### What this task involves
Lines with "seteqP" in the entries below: count them and reply with the number alone.

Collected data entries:
________________

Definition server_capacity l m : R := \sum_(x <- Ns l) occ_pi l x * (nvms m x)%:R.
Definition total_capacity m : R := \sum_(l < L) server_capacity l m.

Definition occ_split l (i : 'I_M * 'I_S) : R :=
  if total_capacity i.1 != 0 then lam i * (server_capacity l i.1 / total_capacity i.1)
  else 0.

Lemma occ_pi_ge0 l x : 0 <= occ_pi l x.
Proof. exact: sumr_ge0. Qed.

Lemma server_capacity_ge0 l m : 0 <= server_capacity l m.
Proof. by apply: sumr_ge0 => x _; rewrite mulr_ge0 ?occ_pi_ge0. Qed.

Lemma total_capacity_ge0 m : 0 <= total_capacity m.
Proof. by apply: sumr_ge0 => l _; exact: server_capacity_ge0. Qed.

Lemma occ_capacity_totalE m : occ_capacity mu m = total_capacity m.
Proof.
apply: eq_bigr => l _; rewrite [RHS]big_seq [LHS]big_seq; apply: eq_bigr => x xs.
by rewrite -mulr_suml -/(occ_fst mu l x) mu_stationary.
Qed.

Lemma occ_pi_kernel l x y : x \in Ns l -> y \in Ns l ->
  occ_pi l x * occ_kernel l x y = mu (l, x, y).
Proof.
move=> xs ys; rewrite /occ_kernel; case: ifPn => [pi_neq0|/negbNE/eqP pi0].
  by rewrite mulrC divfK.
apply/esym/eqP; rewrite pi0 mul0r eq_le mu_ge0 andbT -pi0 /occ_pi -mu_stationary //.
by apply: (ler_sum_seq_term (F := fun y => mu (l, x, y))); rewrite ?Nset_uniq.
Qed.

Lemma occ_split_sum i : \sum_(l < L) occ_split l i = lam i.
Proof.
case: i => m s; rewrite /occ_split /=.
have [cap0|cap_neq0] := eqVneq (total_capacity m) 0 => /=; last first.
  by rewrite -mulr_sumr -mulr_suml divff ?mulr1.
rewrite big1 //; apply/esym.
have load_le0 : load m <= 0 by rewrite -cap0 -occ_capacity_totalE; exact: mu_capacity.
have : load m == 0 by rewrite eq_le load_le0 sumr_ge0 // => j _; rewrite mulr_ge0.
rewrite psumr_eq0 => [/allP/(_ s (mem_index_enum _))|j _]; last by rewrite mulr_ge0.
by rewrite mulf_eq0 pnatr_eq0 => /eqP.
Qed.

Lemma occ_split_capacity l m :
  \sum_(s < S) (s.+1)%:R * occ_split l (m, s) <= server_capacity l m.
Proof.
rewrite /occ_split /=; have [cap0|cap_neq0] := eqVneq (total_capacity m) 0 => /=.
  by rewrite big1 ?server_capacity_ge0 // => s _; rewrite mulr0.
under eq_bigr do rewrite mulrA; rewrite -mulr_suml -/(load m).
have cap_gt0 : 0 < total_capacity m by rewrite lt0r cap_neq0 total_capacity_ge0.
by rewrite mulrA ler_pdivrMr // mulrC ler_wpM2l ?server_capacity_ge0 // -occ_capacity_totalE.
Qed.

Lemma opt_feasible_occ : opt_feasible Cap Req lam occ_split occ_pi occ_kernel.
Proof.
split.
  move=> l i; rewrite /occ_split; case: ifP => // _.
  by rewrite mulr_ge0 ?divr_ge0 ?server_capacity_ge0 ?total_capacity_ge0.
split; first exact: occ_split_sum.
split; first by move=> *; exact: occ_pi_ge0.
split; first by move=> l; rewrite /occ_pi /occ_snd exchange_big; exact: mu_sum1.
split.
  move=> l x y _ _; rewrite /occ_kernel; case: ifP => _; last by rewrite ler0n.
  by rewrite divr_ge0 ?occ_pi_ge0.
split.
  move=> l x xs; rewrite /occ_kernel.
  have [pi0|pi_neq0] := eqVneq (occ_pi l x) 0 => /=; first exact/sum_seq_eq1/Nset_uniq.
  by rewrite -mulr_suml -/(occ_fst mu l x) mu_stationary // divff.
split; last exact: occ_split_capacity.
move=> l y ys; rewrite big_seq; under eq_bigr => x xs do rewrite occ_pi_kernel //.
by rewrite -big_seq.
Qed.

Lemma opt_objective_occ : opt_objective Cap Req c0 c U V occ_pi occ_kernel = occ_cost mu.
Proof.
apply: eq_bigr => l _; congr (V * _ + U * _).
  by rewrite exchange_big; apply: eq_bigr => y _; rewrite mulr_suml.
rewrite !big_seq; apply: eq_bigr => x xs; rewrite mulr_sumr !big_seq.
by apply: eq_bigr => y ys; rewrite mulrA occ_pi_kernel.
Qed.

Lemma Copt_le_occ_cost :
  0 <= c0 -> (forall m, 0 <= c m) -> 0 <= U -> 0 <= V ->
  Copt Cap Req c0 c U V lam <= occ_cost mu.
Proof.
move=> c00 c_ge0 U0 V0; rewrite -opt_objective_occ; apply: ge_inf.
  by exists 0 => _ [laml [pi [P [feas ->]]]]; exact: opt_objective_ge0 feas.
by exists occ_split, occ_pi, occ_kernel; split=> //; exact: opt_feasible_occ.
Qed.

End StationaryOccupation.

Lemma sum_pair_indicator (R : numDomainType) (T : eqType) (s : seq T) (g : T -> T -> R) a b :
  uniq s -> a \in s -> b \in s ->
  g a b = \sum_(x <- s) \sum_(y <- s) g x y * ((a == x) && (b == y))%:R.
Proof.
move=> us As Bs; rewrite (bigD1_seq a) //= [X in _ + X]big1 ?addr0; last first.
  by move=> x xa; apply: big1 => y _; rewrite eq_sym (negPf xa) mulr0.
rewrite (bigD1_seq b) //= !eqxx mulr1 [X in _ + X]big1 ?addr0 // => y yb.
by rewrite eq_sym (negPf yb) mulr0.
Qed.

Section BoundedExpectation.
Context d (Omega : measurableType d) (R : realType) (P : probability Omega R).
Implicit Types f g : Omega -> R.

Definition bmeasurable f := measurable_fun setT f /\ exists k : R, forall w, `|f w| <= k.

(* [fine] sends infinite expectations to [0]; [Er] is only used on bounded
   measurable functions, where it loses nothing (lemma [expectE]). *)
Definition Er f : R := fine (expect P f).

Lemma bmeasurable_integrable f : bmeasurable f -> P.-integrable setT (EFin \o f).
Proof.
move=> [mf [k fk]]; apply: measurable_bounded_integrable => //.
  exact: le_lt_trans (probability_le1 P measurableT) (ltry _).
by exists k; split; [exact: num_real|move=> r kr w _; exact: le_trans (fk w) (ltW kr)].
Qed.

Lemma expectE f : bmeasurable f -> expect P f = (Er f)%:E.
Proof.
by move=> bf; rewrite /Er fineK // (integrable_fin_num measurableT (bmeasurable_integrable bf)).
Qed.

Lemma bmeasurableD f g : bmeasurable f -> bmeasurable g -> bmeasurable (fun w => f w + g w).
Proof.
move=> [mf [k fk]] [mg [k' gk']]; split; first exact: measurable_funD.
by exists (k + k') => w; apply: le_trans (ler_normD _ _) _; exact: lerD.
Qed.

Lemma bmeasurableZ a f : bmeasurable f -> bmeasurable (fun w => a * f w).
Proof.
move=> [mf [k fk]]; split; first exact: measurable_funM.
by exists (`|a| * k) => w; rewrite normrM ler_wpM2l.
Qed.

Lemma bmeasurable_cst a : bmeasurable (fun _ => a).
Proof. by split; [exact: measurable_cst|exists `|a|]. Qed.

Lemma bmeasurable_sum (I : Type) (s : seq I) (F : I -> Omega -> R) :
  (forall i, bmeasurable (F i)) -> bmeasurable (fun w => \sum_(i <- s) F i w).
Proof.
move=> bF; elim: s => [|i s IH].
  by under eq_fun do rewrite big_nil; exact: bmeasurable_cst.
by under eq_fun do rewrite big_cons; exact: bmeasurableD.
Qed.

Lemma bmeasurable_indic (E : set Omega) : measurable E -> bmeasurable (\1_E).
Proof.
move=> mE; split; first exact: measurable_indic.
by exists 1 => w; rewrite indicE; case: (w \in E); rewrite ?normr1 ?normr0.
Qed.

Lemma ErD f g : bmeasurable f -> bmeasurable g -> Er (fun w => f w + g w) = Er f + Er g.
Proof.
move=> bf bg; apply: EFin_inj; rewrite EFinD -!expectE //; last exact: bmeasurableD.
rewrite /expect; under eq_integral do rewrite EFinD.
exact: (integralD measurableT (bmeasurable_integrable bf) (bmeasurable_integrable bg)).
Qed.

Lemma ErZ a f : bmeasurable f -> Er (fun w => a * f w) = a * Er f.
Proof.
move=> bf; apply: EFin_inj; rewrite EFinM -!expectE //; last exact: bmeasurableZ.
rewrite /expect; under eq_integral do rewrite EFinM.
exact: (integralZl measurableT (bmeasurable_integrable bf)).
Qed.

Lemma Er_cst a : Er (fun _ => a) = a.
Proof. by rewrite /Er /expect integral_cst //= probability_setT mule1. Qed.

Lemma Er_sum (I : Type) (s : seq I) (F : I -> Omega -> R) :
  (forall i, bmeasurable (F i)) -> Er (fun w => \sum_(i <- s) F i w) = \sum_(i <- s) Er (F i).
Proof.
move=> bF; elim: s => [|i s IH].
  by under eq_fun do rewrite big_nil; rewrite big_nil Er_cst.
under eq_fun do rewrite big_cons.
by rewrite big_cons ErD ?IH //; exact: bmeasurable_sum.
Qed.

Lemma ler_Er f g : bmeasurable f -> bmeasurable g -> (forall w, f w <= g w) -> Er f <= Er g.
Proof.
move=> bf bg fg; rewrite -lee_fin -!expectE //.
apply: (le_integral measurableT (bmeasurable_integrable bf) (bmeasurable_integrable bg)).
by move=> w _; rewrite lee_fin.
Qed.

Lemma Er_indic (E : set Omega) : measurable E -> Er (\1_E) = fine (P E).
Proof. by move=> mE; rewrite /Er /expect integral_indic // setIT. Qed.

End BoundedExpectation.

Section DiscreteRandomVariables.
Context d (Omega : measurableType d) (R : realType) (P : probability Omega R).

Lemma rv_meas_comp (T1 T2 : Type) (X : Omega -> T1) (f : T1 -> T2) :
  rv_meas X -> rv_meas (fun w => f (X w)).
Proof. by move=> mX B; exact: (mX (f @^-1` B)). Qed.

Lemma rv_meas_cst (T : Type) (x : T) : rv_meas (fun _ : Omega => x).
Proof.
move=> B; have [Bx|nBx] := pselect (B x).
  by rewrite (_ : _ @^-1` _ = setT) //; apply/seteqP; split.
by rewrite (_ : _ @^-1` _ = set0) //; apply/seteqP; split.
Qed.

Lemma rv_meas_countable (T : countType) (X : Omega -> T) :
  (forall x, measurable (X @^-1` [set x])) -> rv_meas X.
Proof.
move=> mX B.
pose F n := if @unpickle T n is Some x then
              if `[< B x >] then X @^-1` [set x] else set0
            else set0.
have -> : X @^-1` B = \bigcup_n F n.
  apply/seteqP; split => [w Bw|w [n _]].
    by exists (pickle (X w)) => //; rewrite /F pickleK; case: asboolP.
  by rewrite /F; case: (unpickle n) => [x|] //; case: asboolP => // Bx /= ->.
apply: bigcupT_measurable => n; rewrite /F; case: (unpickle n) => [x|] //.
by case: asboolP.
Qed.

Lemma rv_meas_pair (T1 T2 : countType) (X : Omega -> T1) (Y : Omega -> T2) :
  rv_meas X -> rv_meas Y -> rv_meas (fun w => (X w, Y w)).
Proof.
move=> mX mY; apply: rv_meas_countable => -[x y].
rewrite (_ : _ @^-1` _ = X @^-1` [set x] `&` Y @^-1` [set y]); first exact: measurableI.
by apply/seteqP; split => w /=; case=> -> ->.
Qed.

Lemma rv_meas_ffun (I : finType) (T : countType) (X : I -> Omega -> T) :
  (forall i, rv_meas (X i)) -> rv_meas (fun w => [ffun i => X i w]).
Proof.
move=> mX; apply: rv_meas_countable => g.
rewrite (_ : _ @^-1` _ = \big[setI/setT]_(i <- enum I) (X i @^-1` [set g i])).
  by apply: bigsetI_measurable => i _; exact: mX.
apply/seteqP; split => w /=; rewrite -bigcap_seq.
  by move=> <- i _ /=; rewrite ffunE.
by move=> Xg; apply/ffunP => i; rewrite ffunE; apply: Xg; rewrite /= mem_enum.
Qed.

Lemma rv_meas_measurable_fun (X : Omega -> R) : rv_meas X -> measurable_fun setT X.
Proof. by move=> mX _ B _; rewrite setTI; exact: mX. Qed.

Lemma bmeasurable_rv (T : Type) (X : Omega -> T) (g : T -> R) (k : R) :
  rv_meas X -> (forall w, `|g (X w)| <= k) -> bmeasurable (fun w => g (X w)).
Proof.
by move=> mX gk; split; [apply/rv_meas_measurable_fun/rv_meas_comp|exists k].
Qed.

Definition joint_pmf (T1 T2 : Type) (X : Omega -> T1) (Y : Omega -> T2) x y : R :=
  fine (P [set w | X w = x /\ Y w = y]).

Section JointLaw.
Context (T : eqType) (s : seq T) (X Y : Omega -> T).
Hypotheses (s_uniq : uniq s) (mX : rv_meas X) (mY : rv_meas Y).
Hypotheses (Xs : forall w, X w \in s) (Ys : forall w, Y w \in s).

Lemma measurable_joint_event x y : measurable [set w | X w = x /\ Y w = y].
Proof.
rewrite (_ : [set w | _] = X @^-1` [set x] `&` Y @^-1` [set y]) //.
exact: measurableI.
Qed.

________________

### Task result
5